- WORK ORDER
The material below holds a span beginning at the line with "move=> N_gt0 eta_gt0" and ending at the line with "rewrite (sqnormD (w". Quote that span exactly, both ends included, and only that span.
[[ SUPPLIED MATERIAL, beginning ]]
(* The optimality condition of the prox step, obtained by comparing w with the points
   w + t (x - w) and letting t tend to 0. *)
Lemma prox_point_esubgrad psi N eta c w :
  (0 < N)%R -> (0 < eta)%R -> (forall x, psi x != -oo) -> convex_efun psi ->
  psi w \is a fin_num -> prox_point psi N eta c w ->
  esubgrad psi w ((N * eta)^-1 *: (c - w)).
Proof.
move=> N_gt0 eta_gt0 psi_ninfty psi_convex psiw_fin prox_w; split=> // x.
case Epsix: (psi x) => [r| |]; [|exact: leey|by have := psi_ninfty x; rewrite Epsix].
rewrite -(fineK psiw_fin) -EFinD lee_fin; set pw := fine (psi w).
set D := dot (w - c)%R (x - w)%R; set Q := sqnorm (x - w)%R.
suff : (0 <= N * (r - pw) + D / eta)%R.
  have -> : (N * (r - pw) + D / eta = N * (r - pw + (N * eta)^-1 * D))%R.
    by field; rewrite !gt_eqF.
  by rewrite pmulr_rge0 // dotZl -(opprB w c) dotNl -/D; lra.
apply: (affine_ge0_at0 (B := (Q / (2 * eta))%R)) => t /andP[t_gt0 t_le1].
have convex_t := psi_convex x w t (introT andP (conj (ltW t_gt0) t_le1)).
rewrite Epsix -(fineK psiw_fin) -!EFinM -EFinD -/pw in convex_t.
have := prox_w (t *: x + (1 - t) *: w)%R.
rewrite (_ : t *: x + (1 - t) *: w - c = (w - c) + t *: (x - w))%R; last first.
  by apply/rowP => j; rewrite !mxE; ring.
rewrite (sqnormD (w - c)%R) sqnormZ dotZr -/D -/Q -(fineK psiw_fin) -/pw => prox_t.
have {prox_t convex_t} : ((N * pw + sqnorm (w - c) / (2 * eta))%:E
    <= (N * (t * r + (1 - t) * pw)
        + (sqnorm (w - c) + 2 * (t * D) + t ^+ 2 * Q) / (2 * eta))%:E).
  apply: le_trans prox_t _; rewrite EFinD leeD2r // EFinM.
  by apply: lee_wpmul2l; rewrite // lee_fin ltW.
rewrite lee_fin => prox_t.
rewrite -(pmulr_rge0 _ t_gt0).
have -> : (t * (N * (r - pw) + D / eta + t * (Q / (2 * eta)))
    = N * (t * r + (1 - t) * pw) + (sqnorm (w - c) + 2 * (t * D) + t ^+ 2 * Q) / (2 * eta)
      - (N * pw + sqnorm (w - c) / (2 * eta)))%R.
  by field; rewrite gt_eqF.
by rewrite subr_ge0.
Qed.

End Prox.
[[ SUPPLIED MATERIAL, end ]]
- EXERCISE OUTPUT
move=> N_gt0 eta_gt0 psi_ninfty psi_convex psiw_fin prox_w; split=> // x.
case Epsix: (psi x) => [r| |]; [|exact: leey|by have := psi_ninfty x; rewrite Epsix].
rewrite -(fineK psiw_fin) -EFinD lee_fin; set pw := fine (psi w).
set D := dot (w - c)%R (x - w)%R; set Q := sqnorm (x - w)%R.
suff : (0 <= N * (r - pw) + D / eta)%R.
  have -> : (N * (r - pw) + D / eta = N * (r - pw + (N * eta)^-1 * D))%R.
    by field; rewrite !gt_eqF.
  by rewrite pmulr_rge0 // dotZl -(opprB w c) dotNl -/D; lra.
apply: (affine_ge0_at0 (B := (Q / (2 * eta))%R)) => t /andP[t_gt0 t_le1].
have convex_t := psi_convex x w t (introT andP (conj (ltW t_gt0) t_le1)).
rewrite Epsix -(fineK psiw_fin) -!EFinM -EFinD -/pw in convex_t.
have := prox_w (t *: x + (1 - t) *: w)%R.
rewrite (_ : t *: x + (1 - t) *: w - c = (w - c) + t *: (x - w))%R; last first.
  by apply/rowP => j; rewrite !mxE; ring.
rewrite (sqnormD (w - c)%R) sqnormZ dotZr -/D -/Q -(fineK psiw_fin) -/pw => prox_t.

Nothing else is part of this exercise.